Dieselbe Konstruktion kennst du aus dem Minderjährigenrecht. Schließt ein beschränkt Geschäftsfähiger ohne Einwilligung einen Vertrag, ist er nach § 108 Abs. 1 BGB schwebend unwirksam, bis der gesetzliche Vertreter genehmigt. Der Mechanismus ist derselbe, nur die Person, die zustimmen muss, ist eine andere. Wer den einen Fall verstanden hat, kann den anderen mitnehmen. Auf der dinglichen Ebene wiederholt sich das Muster ein drittes Mal: Die Verfügung eines Nichtberechtigten nach § 185 BGB bleibt ebenfalls schwebend unwirksam, bis der Berechtigte zustimmt.

Genehmigung nach §§ 177 I, 184 I BGB: Rechtsfolge und Rückwirkung

Die Genehmigung ist eine einseitige, empfangsbedürftige Willenserklärung und formfrei, selbst wenn das genehmigte Geschäft formbedürftig war. Ihre Rechtsfolge steht in § 184 Abs. 1 BGB: Sie wirkt auf den Zeitpunkt der Vornahme des Rechtsgeschäfts zurück. Der Vertrag gilt damit als von Anfang an wirksam, so als hätte der Vertreter Vollmacht gehabt.

Diese Rückwirkung hat eine Grenze. Nach § 184 Abs. 2 BGB werden Verfügungen nicht unwirksam, die der Genehmigende vor der Genehmigung selbst über denselben Gegenstand getroffen hat, ebenso Verfügungen in der Zwangsvollstreckung oder durch den Insolvenzverwalter.
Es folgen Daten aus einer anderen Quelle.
(* Let $n\ge3$, $N=2n+1$, $R=2n$, and for $r\in[R]$ let $F_r:2^{[N]}\to\mathbb{R}$ be given by $F_r(S)=1$ if $|S\cap\{r,r+1\}|=1$ and $F_r(S)=0$ otherwise (so $F_r$ is incident exactly to $\{r,r+1\}$, and $\|\mu\|_1=4n$). For this instance, let $\ell_*$ be the supremum of all $\ell\ge0$ such that for every $y\in\mathcal{B}$, $\|Ay-Ay^*\|_2^2\ge\ell\,\|y^*-y\|_2^2$, where $y^*=\arg\min_{z\in\Xi}\|z-y\|_2^2$. Then $\ell_*<7/N^2$.
   Context: For each $r$, $\mathcal{B}_r=\{u\in\mathbb{R}^N:\sum_{i\in S}u_i\le F_r(S)\ \forall S\subseteq[N],\ \sum_{i\in[N]}u_i=F_r([N])\}$ is the base polytope of $F_r$, $\mathcal{B}=\mathcal{B}_1\times\cdots\times\mathcal{B}_R\subseteq(\mathbb{R}^N)^R$, and $A:(\mathbb{R}^N)^R\to\mathbb{R}^N$, $Ay=\sum_ry_r$; $\|y\|_2^2=\sum_r\|y_r\|_2^2$. $\Xi$ is the set of minimizers of $\|Ay\|_2^2$ over $\mathcal{B}$. $\mu_i$ is the number of $r$ such that $F_r$ depends on element $i$. *)

From Stdlib Require Import Reals List Arith.
Import ListNotations.
Open Scope R_scope.

Definition sumN (m : nat) (f : nat -> R) : R :=
  fold_right Rplus 0 (map f (seq 0 m)).

(* Instance parameters (0-based indices): ground set [N] = {0,...,N-1},
   components r in {0,...,R-1}. *)
Definition Nn (n : nat) : nat := (2 * n + 1)%nat.
Definition Rn (n : nat) : nat := (2 * n)%nat.

(* Subsets of the ground set are boolean predicates on nat (only the values
   on {0,...,N-1} matter).  F_r(S) = 1 iff |S ∩ {r, r+1}| = 1. *)
Definition Fr (r : nat) (S : nat -> bool) : R :=
  if xorb (S r) (S (r + 1)%nat) then 1 else 0.

Definition in_base (n r : nat) (u : nat -> R) : Prop :=
  (forall S : nat -> bool,
      sumN (Nn n) (fun i => if S i then u i else 0) <= Fr r S) /\
  sumN (Nn n) u = Fr r (fun i => Nat.ltb i (Nn n)).

(* y in (R^N)^R is a function y r i. *)
Definition inB (n : nat) (y : nat -> nat -> R) : Prop :=
  forall r, (r < Rn n)%nat -> in_base n r (y r).

Definition Aop (n : nat) (y : nat -> nat -> R) : nat -> R :=
  fun i => sumN (Rn n) (fun r => y r i).

Definition nsqN (n : nat) (v : nat -> R) : R :=
  sumN (Nn n) (fun i => (v i) ^ 2).

Definition dist2 (n : nat) (y z : nat -> nat -> R) : R :=
  sumN (Rn n) (fun r => sumN (Nn n) (fun i => (y r i - z r i) ^ 2)).

Definition inXi (n : nat) (z : nat -> nat -> R) : Prop :=
  inB n z /\ forall y, inB n y -> nsqN n (Aop n z) <= nsqN n (Aop n y).

Definition is_proj (n : nat) (ys y : nat -> nat -> R) : Prop :=
  inXi n ys /\ forall z, inXi n z -> dist2 n ys y <= dist2 n z y.

Definition admissible (n : nat) (l : R) : Prop :=
  0 <= l /\
  forall y ys, inB n y -> is_proj n ys y ->
    nsqN n (fun i => Aop n y i - Aop n ys i) >= l * dist2 n ys y.

(* Only [y = 0] has [Ay = 0] in B: along the path the coordinates of [Ay] telescope,
   [(Ay)_0 = y_0(0)] and [(Ay)_(k+1) = y_(k+1)(k+1) - y_k(k)].  Hence Ξ = {0}, the
   projection y* of every y is 0, and every admissible ℓ satisfies ℓ ‖y‖² <= ‖Ay‖².
   Testing with [y_r = t_r (e_r - e_(r+1))] for the tent profile
   [t_r = min(r + 1, 2n - r) / n] gives ‖Ay‖² <= N / n² (consecutive t_r differ by
   at most 1/n) and ‖y‖² = 2 (n + 1) N / (3 n), so ℓ_* <= 3 / (2 n (n + 1)) < 7 / N². *)
From Stdlib Require Import Reals Lra Lia List Arith.
Open Scope R_scope.

Lemma fold_right_Rplus_init a l : fold_right Rplus a l = fold_right Rplus 0 l + a.
Proof. induction l as [|x l IH]; simpl; [lra | rewrite IH; lra]. Qed.

Lemma sumN_S m f : sumN (S m) f = sumN m f + f m.
Proof.
  unfold sumN. rewrite seq_S, map_app, fold_right_app; simpl.
  rewrite fold_right_Rplus_init. lra.
Qed.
Verkauft V den Wagen zwischenzeitlich an einen Dritten und übereignet ihn, bleibt diese Übereignung wirksam.

Wichtig für die Adressatenfrage: Bis zur Aufforderung nach § 177 Abs. 2 BGB kann der Vertretene die Genehmigung sowohl dem Vertreter als auch dem Geschäftsgegner gegenüber erklären, § 182 Abs. 1 BGB. Nach der Aufforderung geht das nur noch gegenüber dem Geschäftsgegner. Details zur Systematik von Einwilligung und Genehmigung stehen auf der Wissensseite zur Zustimmung nach §§ 182 ff. BGB.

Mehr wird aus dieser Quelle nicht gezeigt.